• _HOW TO COMPLETE THIS TASK_
Once the line with "Lemma value_iter_mono g" is found in the entries below, repeat it and each following line exactly, up to and including the line with "elim: k => [|k". Add no other lines.

[Collected data]

::::::

Lemma value_iter_unit g n : 0 <= g <= 1 -> unit_value (value_iter g n).
Proof.
by move=> g01; elim: n => [|n IH] /=; [exact: unit_value0 | exact: rbellman_unit].
Qed.

Lemma value_iter_le_succ g n : 0 <= g <= 1 ->
  forall y a, value_iter g n y a <= value_iter g n.+1 y a.
Proof.
move=> g01; elim: n => [|n IH] y a /=.
  by case/andP: ((rbellman_unit g01 unit_value0).1 y a).
by apply: rbellman_mono => //; exact: (value_iter_unit n.+1 g01).
Qed.

Lemma value_iter_mono g n m : 0 <= g <= 1 -> (n <= m)%N ->
  forall y a, value_iter g n y a <= value_iter g m y a.
Proof.
move=> g01 /subnK <- y a; elim: (m - n)%N => [|k IH] //=.
exact: le_trans IH (value_iter_le_succ _ g01 y a).
Qed.

Lemma value_iter_discount g k : 0 < g <= 1 ->
  forall x a, g ^+ k * value_iter 1 k x a <= value_iter g k x a.
Proof.
move=> /andP[g0 g1]; have g01 : 0 <= g <= 1 by rewrite ltW.
have gk01 n : 0 <= g ^+ n <= 1 by rewrite exprn_ge0 ?exprn_ile1 // ltW.
elim: k => [|k IH] x a; first by rewrite /= mulr0.
have [v01 voff] := value_iter_unit k one01.
have scaled_unit : unit_value (fun y b => g ^+ k * value_iter 1 k y b).
  split=> [y b|y b yH]; last by rewrite voff ?mulr0.
  have /andP[v0 v1] := v01 y b; have /andP[gk0 gk1] := gk01 k.
  by rewrite mulr_ge0 //= mulr_ile1.
apply: le_trans (rbellman_mono g01 (value_iter_unit k g01) IH x a).
rewrite /=; case: (boolP (x \in H)) => xH; last by rewrite /rbellman (negPf xH) mulr0.
have gk_pos : 0 < g ^+ k.+1 by rewrite exprn_gt0.
rewrite mulrC -ler_pdivlMr //; apply: rbellman_le => // p pB.
have [p0 _] := B_prob xH pB.
rewrite ler_pdivlMr // mulrC.
apply: le_trans (rbellman_ge g01 scaled_unit xH pB).
rewrite bellman_scale -exprS; apply: bellman_scale_ge => // y b.
by case/andP: (v01 y b).
Qed.

Definition admissible (Pt : X -> A -> X -> R) : Prop :=
  forall x a, x \in H -> B x a (Pt x a).

Definition robust_value (x : X) (a : A) : \bar R :=
  ereal_sup ((fun Pt => Qpol E U pi Pt x a) @` [set Pt | admissible Pt]).

Definition kbellman (g : R) (Pt : X -> A -> X -> R) (Q : vfun) (x : X) (a : A) : R :=
  if x \in H then bellman g (Pt x a) Q else 0.

Lemma Qfin_succ Pt n x a :
  Qfin E U pi Pt n.+1 x a = kbellman 1 Pt (Qfin E U pi Pt n) x a.
Proof. by rewrite /= /kbellman; case: ifP => // _; apply: eq_bigr => y _; rewrite mul1r. Qed.

Lemma Qfin_le_value_iter Pt n : admissible Pt ->
  forall x a, Qfin E U pi Pt n x a <= value_iter 1 n x a.
Proof.
move=> hPt; elim: n => [|n IH] x a; first by rewrite lexx.
rewrite Qfin_succ /= /kbellman; case: ifP => xH; last by rewrite /rbellman xH lexx.
apply: le_trans (rbellman_ge one01 (value_iter_unit n one01) xH (hPt x a xH)).
by apply: bellman_mono => //; have [] := B_prob xH (hPt x a xH).
Qed.

Definition shift_bounded (T : vfun -> vfun) (g : R) : Prop :=
  forall Q Q' r, 0 <= r -> (forall y a, Q y a <= Q' y a + r) ->
  forall y a, T Q y a <= T Q' y a + g * r.

Lemma shift_bounded_iter T g n : 0 <= g -> shift_bounded T g ->
  shift_bounded (iter n T) (g ^+ n).
Proof.
move=> g0 hT; elim: n => [|n IH] Q Q' r r0 QQ' y a /=; first by rewrite mul1r.
rewrite exprS -mulrA; apply: hT; first by rewrite mulr_ge0 ?exprn_ge0.
exact: IH.
Qed.

(* Errors [eta * (1 - g)] per step sum to at most [eta] under a
   [g]-contraction. *)
Lemma shift_bounded_iter_lower T g eta (w : vfun) :
  0 <= g -> 0 <= eta -> shift_bounded T g ->
  (forall y a, w y a - eta * (1 - g) <= T w y a) ->
  forall n y a, w y a - eta <= iter n T w y a.
Proof.
move=> g0 eta0 hT hw; elim=> [|n IH] y a /=; first by rewrite lerBlDr lerDl.
have IH' y' a' : w y' a' <= iter n T w y' a' + eta by rewrite -lerBlDr.
have := hT _ _ _ eta0 IH' y a; have := hw y a; lra.
Qed.

Lemma kbellman_shift_bounded g Pt : admissible Pt -> 0 <= g ->
  shift_bounded (kbellman g Pt) g.
Proof.
move=> hPt g0 Q Q' r r0 QQ' x a; rewrite /kbellman.
case: ifP => xH; last by rewrite add0r mulr_ge0.
have Pt_prob := B_prob xH (hPt x a xH).
by rewrite -bellman_shift //; apply: bellman_mono => //; case: Pt_prob.
Qed.

Lemma kbellman_iter_le_Qfin g Pt n : admissible Pt -> 0 <= g <= 1 ->
  forall x a, 0 <= iter n (kbellman g Pt) (fun _ _ => 0) x a <= Qfin E U pi Pt n x a.
Proof.
move=> hPt g01; elim: n => [|n IH] x a; first by rewrite /= lexx.
rewrite Qfin_succ /= /kbellman; case: ifP => xH; last by rewrite lexx.
have [p0 _] := B_prob xH (hPt x a xH).
have iter_ge0 y b : 0 <= iter n (kbellman g Pt) (fun _ _ => 0) y b.
  by case/andP: (IH y b).
rewrite bellman_ge0 //=; last by case/andP: g01.
apply: le_trans (bellman_discount_le _ g01 iter_ge0) _ => //.
by apply: bellman_mono => // y b; case/andP: (IH y b).
Qed.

::::::

• _TASK RESPONSE_
Lemma value_iter_mono g n m : 0 <= g <= 1 -> (n <= m)%N ->
  forall y a, value_iter g n y a <= value_iter g m y a.
Proof.
move=> g01 /subnK <- y a; elim: (m - n)%N => [|k IH] //=.
exact: le_trans IH (value_iter_le_succ _ g01 y a).
Qed.

Lemma value_iter_discount g k : 0 < g <= 1 ->
  forall x a, g ^+ k * value_iter 1 k x a <= value_iter g k x a.
Proof.
move=> /andP[g0 g1]; have g01 : 0 <= g <= 1 by rewrite ltW.
have gk01 n : 0 <= g ^+ n <= 1 by rewrite exprn_ge0 ?exprn_ile1 // ltW.
elim: k => [|k IH] x a; first by rewrite /= mulr0.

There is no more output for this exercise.